Tuesday Column By VICTORIA NGOZI IKEANO
It is over; Russia 2018 World Cup has ended and except for some post analysis thereafter, we should be able to return to our normal schedules, have a break from international big time football tournaments for about a month. While experts and pundits are analysing it, I have a few observations of mine, largely from a non football perspective. Firstly the much talked about racist behaviour/tendency of Russians which the western media had fed us with as being the bane of the host country’s football matches did not materialise as such. Yes, there were isolated cases, I dare say, discreet racist tendencies by one or two players and fans, they were very insignificant though. The western media’s much talked about taunting of black footballers which they had made us believe is a staple of Russians did not come to light.
Instead, a novel, burgeoning problem termed “sexism” surfaced. FIFA reported that there were some 30 officially recorded cases of sexist acts by majorly Russian fans on female broadcasters on the street. It said that the figures could be higher. Sexism is defined as “believing one sex is inferior”. Sexist acts noted by FIFA included things like kissing the female broadcasters, etc. Another somewhat related observation by FIFA is that national broadcasters and its own broadcaster of matches were focussing rather much on beautiful women. It is true that everybody likes a beautiful thing and cameramen want photogenic faces. But giving undue attention to females when there are various categories of people at a match venue offends a lot of women.
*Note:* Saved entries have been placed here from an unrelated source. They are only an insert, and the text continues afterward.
(* Fix an integer $b\ge2$, $\gamma\in(0,1)$, let $\phi$ be a real analytic $\mathbb{Z}$-periodic function satisfying condition (H), and assume $\alpha<\min\{1,\frac{\log b}{\log(1/\gamma)}\}$. Then for any $\mathbf{v},\mathbf{w}\in\Lambda^{\#}$ there exist $\mathbf{i}\neq\mathbf{j}\in\Sigma$ and $x_{\mathbf{v},\mathbf{w}}\in I_{\mathbf{v}}$ such that $S'(x_{\mathbf{v},\mathbf{w}},\mathbf{w}\mathbf{i})-S'(x_{\mathbf{v},\mathbf{w}},\mathbf{w}\mathbf{j})\neq0$.
   Context: $\Lambda=\{0,\dots,b-1\}$, $\Lambda^{\#}=\bigcup_{n\ge1}\Lambda^n$, $\Sigma=\Lambda^{\mathbb{Z}_+}$, $\nu$ uniform on $\Lambda$; $\mathbf{w}\mathbf{i}$ denotes concatenation. $S(x,\mathbf{j})=\sum_{n\ge1}\gamma^{n-1}\phi\big(\frac{x+j_1+j_2b+\cdots+j_nb^{n-1}}{b^n}\big)$, $S'$ its $x$-derivative. Condition (H): for all $\mathbf{i}\neq\mathbf{j}\in\Sigma$, $x\mapsto S(x,\mathbf{j})-S(x,\mathbf{i})$ is not identically zero. $\alpha$ is the constant such that for Lebesgue-a.e. $x$ the image $m_x$ of $\nu^{\mathbb{Z}_+}$ under $\mathbf{j}\mapsto S(x,\mathbf{j})$ is exact dimensional with dimension $\alpha$. For $\mathbf{v}=v_1\cdots v_n$, $I_{\mathbf{v}}=\big[\frac{v_1+v_2b+\cdots+v_nb^{n-1}}{b^n},\frac{1+v_1+v_2b+\cdots+v_nb^{n-1}}{b^n}\big)$. *)

From HB Require Import structures.
From mathcomp Require Import all_boot all_order all_algebra.
From mathcomp Require Import all_classical all_reals all_analysis.
Set Implicit Arguments. Unset Strict Implicit. Unset Printing Implicit Defensive.
Import Order.TTheory GRing.Theory Num.Theory.
Import numFieldNormedType.Exports.
Local Open Scope classical_set_scope.
Local Open Scope ring_scope.

(* Sigma = Lambda^{Z_+}, Lambda = {0,...,b-1}; index k : nat stands for j_{k+1}.
   Finite words (elements of Lambda^#) are seq 'I_b of positive size. *)

Definition wconcat (b : nat) (w : seq 'I_b) (i : nat -> 'I_b) : nat -> 'I_b :=
  fun k => nth (i (k - size w)%N) w k.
Women generally want to be appreciated not for their looks but for their innate qualities and strength of character like their male counterparts.
Overall, reports stated that Russians were very hospitable and welcoming, in brief, good hosts with FIFA rating this year’s World Cup as the best organised. In this Russian President Vladimir Putin vilified by US Democrats and Britain’s government has earned a huge public relations credit. Watching him on television President Putin looks to me as a complete gentleman.
Another notable feature of this World Cup was the hanging on their necks of very big, conspicuous identity cards by everybody in the stadium. It is called FIFA Fans ID. Display of ID cards used to be restricted to officials and stewards. But now fans too are mandated to wear their ID cards. And in this there is no exception as Croatian president Kolinda Grabar-Kitarovic always wore her Fans ID whenever she was in the stadium among the crowd, to cheer up her country’s team. According to FIFA the identification cards helped to quickly fish out misbehaving fans and send them packing. The identity cards substituted visas – no visa was required to enter Russia for the World Cup, easing entry. Oddly it was reported that dozens of Nigerian football fans we went to Russia via the Fans ID were stranded there because they did not have a return ticket. Well, it is not impossible that these ‘fans’ could have disappeared into Russian towns or other surrounding countries but for the fact that no visa was issued and also that they could easily be traced with their fans ID cards.
Perhaps it is right that England did not qualify for the final in Moscow, otherwise it would have shifted attention to diplomatic row between the two countries. Short of a total boycott, Britain had said that no government official or royal family would attend Russia 2018 because of the altercation between them over the nerve agent poisoning of some people in London. Britain said that Russia was responsible while Russia denied any involvement. It is the tradition for presidents/heads of government of the two teams that make it to the final to be present at this match since the competition is rated as the “greatest global event”. At Sunday’s final game between France and Croatia, Presidents Emmanuel Macron and Grabar-Kitarovic were there. Now would it not have been ‘indecent’ if in a France versus England final, only France’s Macron attended with no sight of Prime Minister Theresa May or any of Britain’s Princes around? The headlines and talking point would have been on that absence and the tensed British/Russian relationship. Tellingly, all four semi-finalist teams had their leaders in the stadium to cheer them up, save England. Belgium’s Princess was there, ditto France’s president and Croatia’s president. President Grabar Kitarovic in particular was present at virtually all of Croatia’s matches. Perhaps if England’s Theresa May or Prince Charles or Prince William were around for their match against Belgium they might not have lost it as the sighting of their prime minister or prince at the state box could have given them a boost to push for victory. During the last match some daring three females and a man dressed in police uniform ran unto the pitch, temporarily disrupting proceedings. They were quickly caught and whisked away by the stewards. It turned out that they belong to a feminist group called “Pussy Riot”. They said they were protesting against human rights abuses in Russia.
At the end of the final match which France won, the rain came tumbling down at the presentation ceremony. Host president Putin who lined up with other dignitaries for the giving out of medals, was the first to have a big umbrella over his head. It took a while for Macron’s and Grabar-Kitarovic’s umbrellas to come. Both were drenched but they did not care as they continued to enthusiastically congratulate the players filing past them. However, the about six cutely uniformed ladies who bore the medals were left unattended to, without any umbrella. Remarkably, they all stood like a statue in that rain, even smiling and not blinking as the rains pelted them from head to toe. Was it an oversight or deliberate that they were not shielded from the rain? Could it be that they let the ladies be in order not to be accused of being sexist?